Фотография из блокады

                Интервью с Маргаритой Всеволодовной Благовещенской

              В преддверии 27 января –дня полного снятия блокады Ленинграда я встретилась с Маргаритой Благовещенской. Как-то она мне сказала, что увидела свою фотографию в недавно изданном  альбоме. Фотография пяидесятилетней давности. В руках у  Маргариты  альбом  и, обычно спокойная и сдержанная, сегодня взволнованная и возбуждённая, говорит:
–Посмотрите, это же мы с мамой. Зима 41 года! Ленинград. Наши фотографии сохранились где-то. И вот их опубликовали! У меня есть несколько детских фотографий   , но этой нет...
– Маргарита, что это за альбом, где опубликована ваша детская фотография? Откуда она у вас?
– Это  альбом к100-летию со дня рождения Ольги Фёдоровны Берггольц, выпущенный в 2010 году к 65-летию Победы. В нём отражены события войны и блокады, её фотографии и фото ленинградцев блокадного времени. Мне подарили книгу в обществе «Мемориал». И вдруг, совершенно неожиданно, я увидела свою фотографию вместе с мамой.
 
– Как интересно!  А какие чувства вы испытали, наткнувшись на свою детскую фотографию в альбоме памяти Ольги Берггольц?
– Потрясение, просто потрясение. Столько лет спустя –  увидеть нашу с мамой фотографию рядом с фотографиями Ольги Фёдоровны!
–  Вы пережили блокаду? Сколько вам было лет, когда она началась?
– Четыре года и три месяца.
– Немного. Что-нибудь помните? Или только по рассказам взрослых?
– Я помню себя ещё с военного лета сорок первого. Первые пару месяцев, когда мы с мамой и бабушкой жили на даче, было очень жарко. А когда в августе мы вернулись в Ленинград, мне показалось, что люди изменились, как-то суровее, что-ли, стали, напряжённее. Я была поздним ребёнком, избалованным, капризным. Это сейчас я понимаю – голод. А тогда, вдруг мне стали давать какие-то лепёшки из кофейной гущи с чем-то. Я их отказывалась есть. Маме где-то удалось достать немножко повидла, она намазывала его на лепёшки. А я повидло слизывала, а сами лепёшки всё равно не хотела есть. И вдруг ... на мои требования и капризы перестали обращать внимание. Будто до моей жизни им дела нет. Я ничего не понимала. Но это было для меня просто шоком. Я поняла, что что-то произошло страшное, но что, конечно, не знала.

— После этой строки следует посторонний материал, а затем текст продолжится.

Lemma hall_surplus (L R0 : {set T}) (h0 a0 : T) :
  (forall S : {set T}, S \proper L -> S != set0 -> #|S| < #|nbr R0 S|) ->
  h0 \in L ->
  hall_condition (L :\ h0) (R0 :\ a0).
Proof.
move=> surplus h0L S' S'L; have [->|S'0] := eqVneq S' set0; first by rewrite cards0.
have S'P : S' \proper L.
  apply/properP; split; first exact: subset_trans S'L (subsetDl _ _).
  by exists h0 => //; apply/negP => /(subsetP S'L); rewrite !inE eqxx.
have := surplus S' S'P S'0.
have -> : nbr (R0 :\ a0) S' = nbr R0 S' :\ a0 by apply/setP => a; rewrite !inE andbA.
by rewrite (cardsD1 a0 (nbr R0 S')); case: (a0 \in nbr R0 S') => //= /ltnW.
Qed.

Theorem hall (L R0 : {set T}) : hall_condition L R0 -> exists f, matches f L R0.
Proof.
have [n] := ubnP #|L|; elim: n L R0 => [//|n IH] L R0; rewrite ltnS => hL hH.
have [->|[h0 h0L]] := set_0Vmem L; first by exists id; split => [x y|h]; rewrite inE.
have [/existsP [S /and3P [SL S0 tight]]|] :=
  boolP [exists S : {set T}, [&& S \proper L, S != set0 & #|nbr R0 S| <= #|S|]].
  have SL' := proper_sub SL.
  have [f1 hf1] := IH S (nbr R0 S) (leq_trans (proper_card SL) hL) (hall_inside SL' hH).
  have [|f2 hf2] := IH (L :\: S) (R0 :\: nbr R0 S) _ (hall_outside SL' tight hH).
    apply: (leq_trans _ hL); rewrite cardsD (setIidPr SL') ltn_subrL.
    case/set0Pn: (S0) => x xS; rewrite !card_gt0.
    by apply/andP; split; apply/set0Pn; exists x => //; apply: (subsetP SL').
  exists (fun h => if h \in S then f1 h else f2 h).
  exact: matches_glue (nbr_sub _ _) hf1 hf2.
rewrite negb_exists => /forallP no_tight.
have surplus (S : {set T}) : S \proper L -> S != set0 -> #|S| < #|nbr R0 S|.
  by move=> SL S0; have := no_tight S; rewrite SL S0 /= ltnNge.
have : 0 < #|nbr R0 [set h0]| by apply: leq_trans (hH _ _); rewrite ?cards1 // sub1set.
rewrite card_gt0 => /set0Pn [a0]; rewrite inE => /andP [a0R /existsP [h' /andP]].
rewrite inE => -[/eqP -> ha0].
have [|f' hf'] := IH (L :\ h0) (R0 :\ a0) _ (hall_surplus a0 surplus h0L).
  by apply: (leq_trans _ hL); rewrite (cardsD1 h0 L) h0L.
have f1 : matches (fun=> a0) [set h0] [set a0].
  split=> [x y|h]; rewrite !inE; first by move=> /eqP -> /eqP ->.
  by move=> /eqP ->; rewrite eqxx.
exists (fun h => if h \in [set h0] then a0 else f' h).
by apply: matches_glue f1 hf'; rewrite sub1set.
Qed.

End Hall.

Lemma sum_indicator_card (T : finType) (P : pred T) (A : {set T}) :
  \sum_(x | P x) (x \in A : nat) = #|[set x in A | P x]|.
Proof.
rewrite -sum1dep_card [RHS](eq_bigl (fun x => P x && (x \in A))); last first.
  by move=> x; rewrite andbC.
by rewrite big_mkcondr /=; apply: eq_bigr => x _; case: (x \in A).
Qed.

– Ваши родные пережили блокаду?
– Нет. Бабушка умерла первой, в  апреле 1942, ей было далеко за 60 лет, а мама – скончалась 17 июня 1942 года, в мой день рождения.  Тогда месяц назад ей исполнилось  38 лет. Бабушку похоронили на Пискарёвском кладбище. Не так давно мне удалось в архивах кладбища даже найти точное место её захоронения, в братскую могилу, конечно. А вот маму похоронили тоже на Пискарёвском кладбище, но куда, неизвестно. К этому времени, по-видимому, было такое массовое захоронение, что данные ,  кто в какой братской могиле лежит, не сохранились. Просто выдают справку – подтверждение о кладбище.
–  А ваш отец? Где был он?
– Отец в это время был в Гулаге. Враг  народа. Его выпустили только в 48 году. Кораблестроитель, военный инженер, капитан 3-ьего ранга, после освобождения он выбрал место жительства в посёлке Навашино Муромского  р-на Горьковской области. Там был баржеремонтный завод, где он и работал.
– А мама, кто она по специальности, кем работала?
–  Пианистка. Она закончила консерваторию, работала в театре теней. Но после ареста отца её уволили. Перебивалась случайными заработками – играла  в кинотеатрах перед началом фильма. Иногда к ней приходили артисты, мужчины, женщины, она им аккомпанировала, они пели. В это время меня закрывали в другой комнате. И это было так несправедливо, что я их всех ненавидела. Когда началась блокада, и этой работы  не стало, я была довольна – мама занималась теперь только мной. Бабушка не работала, по возрасту была уже пенсионеркой. Вот и жили втроём в блокадном городе на одну её пенсию. 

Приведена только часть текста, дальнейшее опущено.